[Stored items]
================
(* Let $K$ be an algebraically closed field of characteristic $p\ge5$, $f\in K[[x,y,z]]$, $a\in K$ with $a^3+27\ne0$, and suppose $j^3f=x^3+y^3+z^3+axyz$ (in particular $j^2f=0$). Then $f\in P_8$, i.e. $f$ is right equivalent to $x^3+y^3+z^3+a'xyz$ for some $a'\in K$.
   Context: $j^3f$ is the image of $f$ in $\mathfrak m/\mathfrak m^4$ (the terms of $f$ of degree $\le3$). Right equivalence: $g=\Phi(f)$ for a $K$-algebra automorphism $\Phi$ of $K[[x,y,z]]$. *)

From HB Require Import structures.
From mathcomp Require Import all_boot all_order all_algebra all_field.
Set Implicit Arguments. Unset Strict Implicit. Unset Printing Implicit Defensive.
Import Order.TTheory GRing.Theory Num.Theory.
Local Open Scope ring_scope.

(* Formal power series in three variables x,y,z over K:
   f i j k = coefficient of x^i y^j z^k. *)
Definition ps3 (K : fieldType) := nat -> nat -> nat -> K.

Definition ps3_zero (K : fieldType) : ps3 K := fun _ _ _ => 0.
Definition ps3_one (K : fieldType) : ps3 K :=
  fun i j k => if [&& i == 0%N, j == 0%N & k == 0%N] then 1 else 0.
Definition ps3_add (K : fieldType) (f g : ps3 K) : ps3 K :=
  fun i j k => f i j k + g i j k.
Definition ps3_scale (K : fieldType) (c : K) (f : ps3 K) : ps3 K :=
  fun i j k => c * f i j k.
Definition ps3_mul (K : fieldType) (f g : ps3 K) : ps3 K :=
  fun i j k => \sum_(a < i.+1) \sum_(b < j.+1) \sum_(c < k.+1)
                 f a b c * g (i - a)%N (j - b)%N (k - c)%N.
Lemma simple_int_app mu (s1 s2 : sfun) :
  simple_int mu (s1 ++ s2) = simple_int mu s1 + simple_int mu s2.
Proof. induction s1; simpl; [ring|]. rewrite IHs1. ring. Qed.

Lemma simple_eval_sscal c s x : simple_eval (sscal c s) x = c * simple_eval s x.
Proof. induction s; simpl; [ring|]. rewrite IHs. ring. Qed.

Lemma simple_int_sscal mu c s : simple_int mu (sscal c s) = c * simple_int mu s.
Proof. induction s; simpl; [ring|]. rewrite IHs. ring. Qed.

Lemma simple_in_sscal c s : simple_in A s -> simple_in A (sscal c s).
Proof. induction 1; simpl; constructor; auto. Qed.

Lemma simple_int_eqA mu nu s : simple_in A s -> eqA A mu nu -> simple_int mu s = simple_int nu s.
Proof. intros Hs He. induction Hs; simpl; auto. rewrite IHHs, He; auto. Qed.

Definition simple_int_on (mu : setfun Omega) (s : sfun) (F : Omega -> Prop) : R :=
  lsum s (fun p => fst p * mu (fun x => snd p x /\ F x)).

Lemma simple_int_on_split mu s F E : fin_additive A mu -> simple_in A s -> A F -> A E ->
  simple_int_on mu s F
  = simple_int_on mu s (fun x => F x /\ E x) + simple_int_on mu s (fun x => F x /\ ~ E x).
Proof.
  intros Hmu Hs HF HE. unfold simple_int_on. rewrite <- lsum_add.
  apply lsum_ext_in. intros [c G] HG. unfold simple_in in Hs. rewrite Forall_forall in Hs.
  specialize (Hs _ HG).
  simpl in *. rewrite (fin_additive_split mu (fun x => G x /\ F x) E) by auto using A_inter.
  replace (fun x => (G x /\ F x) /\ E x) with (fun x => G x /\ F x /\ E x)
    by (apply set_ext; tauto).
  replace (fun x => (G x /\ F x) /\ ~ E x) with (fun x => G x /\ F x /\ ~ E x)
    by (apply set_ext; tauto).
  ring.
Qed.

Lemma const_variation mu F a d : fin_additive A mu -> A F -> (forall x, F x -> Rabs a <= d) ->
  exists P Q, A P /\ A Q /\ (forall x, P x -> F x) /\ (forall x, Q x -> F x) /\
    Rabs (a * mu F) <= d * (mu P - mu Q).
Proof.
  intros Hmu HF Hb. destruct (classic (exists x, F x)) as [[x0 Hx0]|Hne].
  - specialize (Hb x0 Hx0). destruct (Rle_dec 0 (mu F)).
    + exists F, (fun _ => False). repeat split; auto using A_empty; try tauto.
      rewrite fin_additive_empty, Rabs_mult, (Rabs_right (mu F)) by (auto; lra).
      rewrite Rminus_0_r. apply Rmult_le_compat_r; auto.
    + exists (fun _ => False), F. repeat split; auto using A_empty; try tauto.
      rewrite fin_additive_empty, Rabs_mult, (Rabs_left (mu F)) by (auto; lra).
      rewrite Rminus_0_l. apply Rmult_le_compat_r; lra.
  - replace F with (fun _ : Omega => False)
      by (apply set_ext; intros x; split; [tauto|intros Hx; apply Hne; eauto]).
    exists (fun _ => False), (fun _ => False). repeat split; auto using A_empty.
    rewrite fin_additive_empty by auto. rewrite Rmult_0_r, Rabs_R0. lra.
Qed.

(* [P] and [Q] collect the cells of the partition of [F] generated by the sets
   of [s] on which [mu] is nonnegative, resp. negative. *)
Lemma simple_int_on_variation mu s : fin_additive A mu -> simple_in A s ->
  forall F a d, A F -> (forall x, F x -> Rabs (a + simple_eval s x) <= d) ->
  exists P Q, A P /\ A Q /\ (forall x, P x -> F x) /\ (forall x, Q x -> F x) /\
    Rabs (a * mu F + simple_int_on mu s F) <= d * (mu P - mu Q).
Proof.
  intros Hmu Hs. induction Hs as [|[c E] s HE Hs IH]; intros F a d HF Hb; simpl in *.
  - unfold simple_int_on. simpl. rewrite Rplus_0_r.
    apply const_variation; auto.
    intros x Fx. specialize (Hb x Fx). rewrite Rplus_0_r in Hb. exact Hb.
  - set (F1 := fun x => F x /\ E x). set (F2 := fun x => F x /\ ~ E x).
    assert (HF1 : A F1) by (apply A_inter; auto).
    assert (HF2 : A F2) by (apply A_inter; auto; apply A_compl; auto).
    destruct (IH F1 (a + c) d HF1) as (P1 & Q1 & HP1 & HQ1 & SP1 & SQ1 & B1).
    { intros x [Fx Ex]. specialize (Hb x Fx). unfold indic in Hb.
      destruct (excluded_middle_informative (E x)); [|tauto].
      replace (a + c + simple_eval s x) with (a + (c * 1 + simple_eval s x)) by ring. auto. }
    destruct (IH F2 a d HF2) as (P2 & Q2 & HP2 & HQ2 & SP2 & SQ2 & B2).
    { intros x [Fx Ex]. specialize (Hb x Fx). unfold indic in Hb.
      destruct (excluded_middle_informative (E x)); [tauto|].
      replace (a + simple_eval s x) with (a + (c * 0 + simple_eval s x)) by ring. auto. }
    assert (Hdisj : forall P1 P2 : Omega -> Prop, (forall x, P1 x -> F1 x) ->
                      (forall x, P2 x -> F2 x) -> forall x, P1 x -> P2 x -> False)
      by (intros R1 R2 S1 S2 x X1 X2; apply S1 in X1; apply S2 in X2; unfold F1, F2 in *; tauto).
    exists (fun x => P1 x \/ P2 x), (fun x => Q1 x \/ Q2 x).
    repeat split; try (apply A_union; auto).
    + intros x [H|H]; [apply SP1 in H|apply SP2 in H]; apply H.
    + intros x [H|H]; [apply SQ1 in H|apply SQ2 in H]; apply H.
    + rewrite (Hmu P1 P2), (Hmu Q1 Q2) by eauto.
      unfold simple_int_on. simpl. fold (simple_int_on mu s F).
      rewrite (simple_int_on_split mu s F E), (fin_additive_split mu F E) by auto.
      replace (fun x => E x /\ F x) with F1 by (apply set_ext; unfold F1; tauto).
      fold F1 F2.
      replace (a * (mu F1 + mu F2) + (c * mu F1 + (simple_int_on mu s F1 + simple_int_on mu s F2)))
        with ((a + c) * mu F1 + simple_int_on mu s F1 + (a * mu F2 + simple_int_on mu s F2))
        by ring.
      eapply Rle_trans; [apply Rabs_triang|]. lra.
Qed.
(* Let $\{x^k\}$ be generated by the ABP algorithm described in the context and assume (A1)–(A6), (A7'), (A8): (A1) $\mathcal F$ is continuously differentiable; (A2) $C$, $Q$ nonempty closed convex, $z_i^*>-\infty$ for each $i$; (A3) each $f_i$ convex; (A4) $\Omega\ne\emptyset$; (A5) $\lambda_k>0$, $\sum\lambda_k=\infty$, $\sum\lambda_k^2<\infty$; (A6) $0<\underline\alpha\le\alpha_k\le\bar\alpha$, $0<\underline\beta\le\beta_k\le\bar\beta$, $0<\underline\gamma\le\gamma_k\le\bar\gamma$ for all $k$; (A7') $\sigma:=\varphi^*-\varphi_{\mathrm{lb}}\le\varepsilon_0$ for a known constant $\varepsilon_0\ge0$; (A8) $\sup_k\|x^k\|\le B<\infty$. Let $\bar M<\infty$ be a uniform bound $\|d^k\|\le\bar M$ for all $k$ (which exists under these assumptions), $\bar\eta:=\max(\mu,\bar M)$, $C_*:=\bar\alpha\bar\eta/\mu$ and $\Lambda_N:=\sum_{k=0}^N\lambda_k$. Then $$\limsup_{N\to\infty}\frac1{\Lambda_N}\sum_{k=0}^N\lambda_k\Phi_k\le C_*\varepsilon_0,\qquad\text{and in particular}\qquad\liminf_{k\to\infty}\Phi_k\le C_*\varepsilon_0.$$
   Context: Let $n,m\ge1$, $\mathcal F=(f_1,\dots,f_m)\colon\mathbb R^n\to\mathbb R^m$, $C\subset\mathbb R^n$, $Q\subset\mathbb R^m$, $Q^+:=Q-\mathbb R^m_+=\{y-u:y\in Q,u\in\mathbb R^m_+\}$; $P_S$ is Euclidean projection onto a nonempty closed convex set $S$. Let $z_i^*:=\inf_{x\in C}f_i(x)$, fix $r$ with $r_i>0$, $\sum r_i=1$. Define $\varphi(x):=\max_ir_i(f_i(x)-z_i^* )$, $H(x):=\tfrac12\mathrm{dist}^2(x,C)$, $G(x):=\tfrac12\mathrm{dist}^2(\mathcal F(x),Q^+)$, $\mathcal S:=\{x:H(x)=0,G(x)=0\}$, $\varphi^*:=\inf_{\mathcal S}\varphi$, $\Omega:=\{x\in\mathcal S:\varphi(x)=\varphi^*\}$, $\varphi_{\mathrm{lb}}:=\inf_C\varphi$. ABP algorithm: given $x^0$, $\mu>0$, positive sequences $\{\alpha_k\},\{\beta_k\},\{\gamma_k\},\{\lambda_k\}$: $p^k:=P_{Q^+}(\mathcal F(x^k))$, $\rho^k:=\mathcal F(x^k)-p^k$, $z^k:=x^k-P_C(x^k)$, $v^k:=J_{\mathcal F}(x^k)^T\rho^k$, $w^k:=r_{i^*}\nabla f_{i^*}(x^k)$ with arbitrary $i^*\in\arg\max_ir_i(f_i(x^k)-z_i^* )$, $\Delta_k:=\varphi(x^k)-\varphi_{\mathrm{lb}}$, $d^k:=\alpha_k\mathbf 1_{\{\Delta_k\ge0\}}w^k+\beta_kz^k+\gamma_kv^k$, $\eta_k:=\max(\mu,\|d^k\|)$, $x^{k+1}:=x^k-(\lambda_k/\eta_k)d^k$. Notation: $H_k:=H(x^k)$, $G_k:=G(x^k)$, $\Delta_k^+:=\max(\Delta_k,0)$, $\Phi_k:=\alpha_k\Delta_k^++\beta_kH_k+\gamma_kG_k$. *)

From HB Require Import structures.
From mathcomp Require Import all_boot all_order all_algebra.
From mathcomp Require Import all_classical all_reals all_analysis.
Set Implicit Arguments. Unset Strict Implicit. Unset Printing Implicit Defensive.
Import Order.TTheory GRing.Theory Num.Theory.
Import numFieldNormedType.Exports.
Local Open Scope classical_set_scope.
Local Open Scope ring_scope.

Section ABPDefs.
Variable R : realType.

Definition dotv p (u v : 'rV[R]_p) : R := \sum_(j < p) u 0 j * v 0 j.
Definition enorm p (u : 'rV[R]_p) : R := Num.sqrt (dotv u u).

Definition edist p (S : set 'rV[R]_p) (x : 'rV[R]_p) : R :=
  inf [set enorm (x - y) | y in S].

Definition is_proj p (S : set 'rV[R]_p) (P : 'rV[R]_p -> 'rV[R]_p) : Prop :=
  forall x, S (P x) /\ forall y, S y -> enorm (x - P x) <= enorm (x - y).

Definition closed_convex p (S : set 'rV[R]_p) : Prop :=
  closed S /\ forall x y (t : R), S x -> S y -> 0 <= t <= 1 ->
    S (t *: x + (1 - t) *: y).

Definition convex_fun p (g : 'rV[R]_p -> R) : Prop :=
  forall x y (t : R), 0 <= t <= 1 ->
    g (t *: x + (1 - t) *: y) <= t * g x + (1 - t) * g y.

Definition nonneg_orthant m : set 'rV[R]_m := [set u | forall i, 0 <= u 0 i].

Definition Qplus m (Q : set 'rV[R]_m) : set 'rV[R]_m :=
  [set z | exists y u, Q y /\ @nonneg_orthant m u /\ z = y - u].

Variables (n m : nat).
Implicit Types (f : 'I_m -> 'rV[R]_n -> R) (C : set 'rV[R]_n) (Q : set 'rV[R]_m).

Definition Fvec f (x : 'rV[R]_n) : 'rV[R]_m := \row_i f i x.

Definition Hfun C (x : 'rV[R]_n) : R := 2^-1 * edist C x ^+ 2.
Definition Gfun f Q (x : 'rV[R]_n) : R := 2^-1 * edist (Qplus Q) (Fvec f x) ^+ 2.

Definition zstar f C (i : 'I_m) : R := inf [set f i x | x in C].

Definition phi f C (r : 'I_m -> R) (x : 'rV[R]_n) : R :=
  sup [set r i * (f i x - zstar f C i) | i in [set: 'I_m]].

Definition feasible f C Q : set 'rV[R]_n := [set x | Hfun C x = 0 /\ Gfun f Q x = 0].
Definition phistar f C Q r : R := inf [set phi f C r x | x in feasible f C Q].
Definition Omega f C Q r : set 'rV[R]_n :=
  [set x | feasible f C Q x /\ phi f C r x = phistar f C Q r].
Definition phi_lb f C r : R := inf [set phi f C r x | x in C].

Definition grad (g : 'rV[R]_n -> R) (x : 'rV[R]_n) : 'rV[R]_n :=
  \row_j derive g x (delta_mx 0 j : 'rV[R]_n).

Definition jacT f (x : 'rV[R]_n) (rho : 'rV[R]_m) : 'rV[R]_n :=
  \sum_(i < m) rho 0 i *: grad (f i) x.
================
## Problem to solve
Set every line down again exactly. Begin with the first line of the entries and finish with the line containing "f a b c * g".

## Answer for this exercise
(* Let $K$ be an algebraically closed field of characteristic $p\ge5$, $f\in K[[x,y,z]]$, $a\in K$ with $a^3+27\ne0$, and suppose $j^3f=x^3+y^3+z^3+axyz$ (in particular $j^2f=0$). Then $f\in P_8$, i.e. $f$ is right equivalent to $x^3+y^3+z^3+a'xyz$ for some $a'\in K$.
   Context: $j^3f$ is the image of $f$ in $\mathfrak m/\mathfrak m^4$ (the terms of $f$ of degree $\le3$). Right equivalence: $g=\Phi(f)$ for a $K$-algebra automorphism $\Phi$ of $K[[x,y,z]]$. *)

From HB Require Import structures.
From mathcomp Require Import all_boot all_order all_algebra all_field.
Set Implicit Arguments. Unset Strict Implicit. Unset Printing Implicit Defensive.
Import Order.TTheory GRing.Theory Num.Theory.
Local Open Scope ring_scope.

(* Formal power series in three variables x,y,z over K:
   f i j k = coefficient of x^i y^j z^k. *)
Definition ps3 (K : fieldType) := nat -> nat -> nat -> K.

Definition ps3_zero (K : fieldType) : ps3 K := fun _ _ _ => 0.
Definition ps3_one (K : fieldType) : ps3 K :=
  fun i j k => if [&& i == 0%N, j == 0%N & k == 0%N] then 1 else 0.
Definition ps3_add (K : fieldType) (f g : ps3 K) : ps3 K :=
  fun i j k => f i j k + g i j k.
Definition ps3_scale (K : fieldType) (c : K) (f : ps3 K) : ps3 K :=
  fun i j k => c * f i j k.
Definition ps3_mul (K : fieldType) (f g : ps3 K) : ps3 K :=
  fun i j k => \sum_(a < i.+1) \sum_(b < j.+1) \sum_(c < k.+1)
                 f a b c * g (i - a)%N (j - b)%N (k - c)%N.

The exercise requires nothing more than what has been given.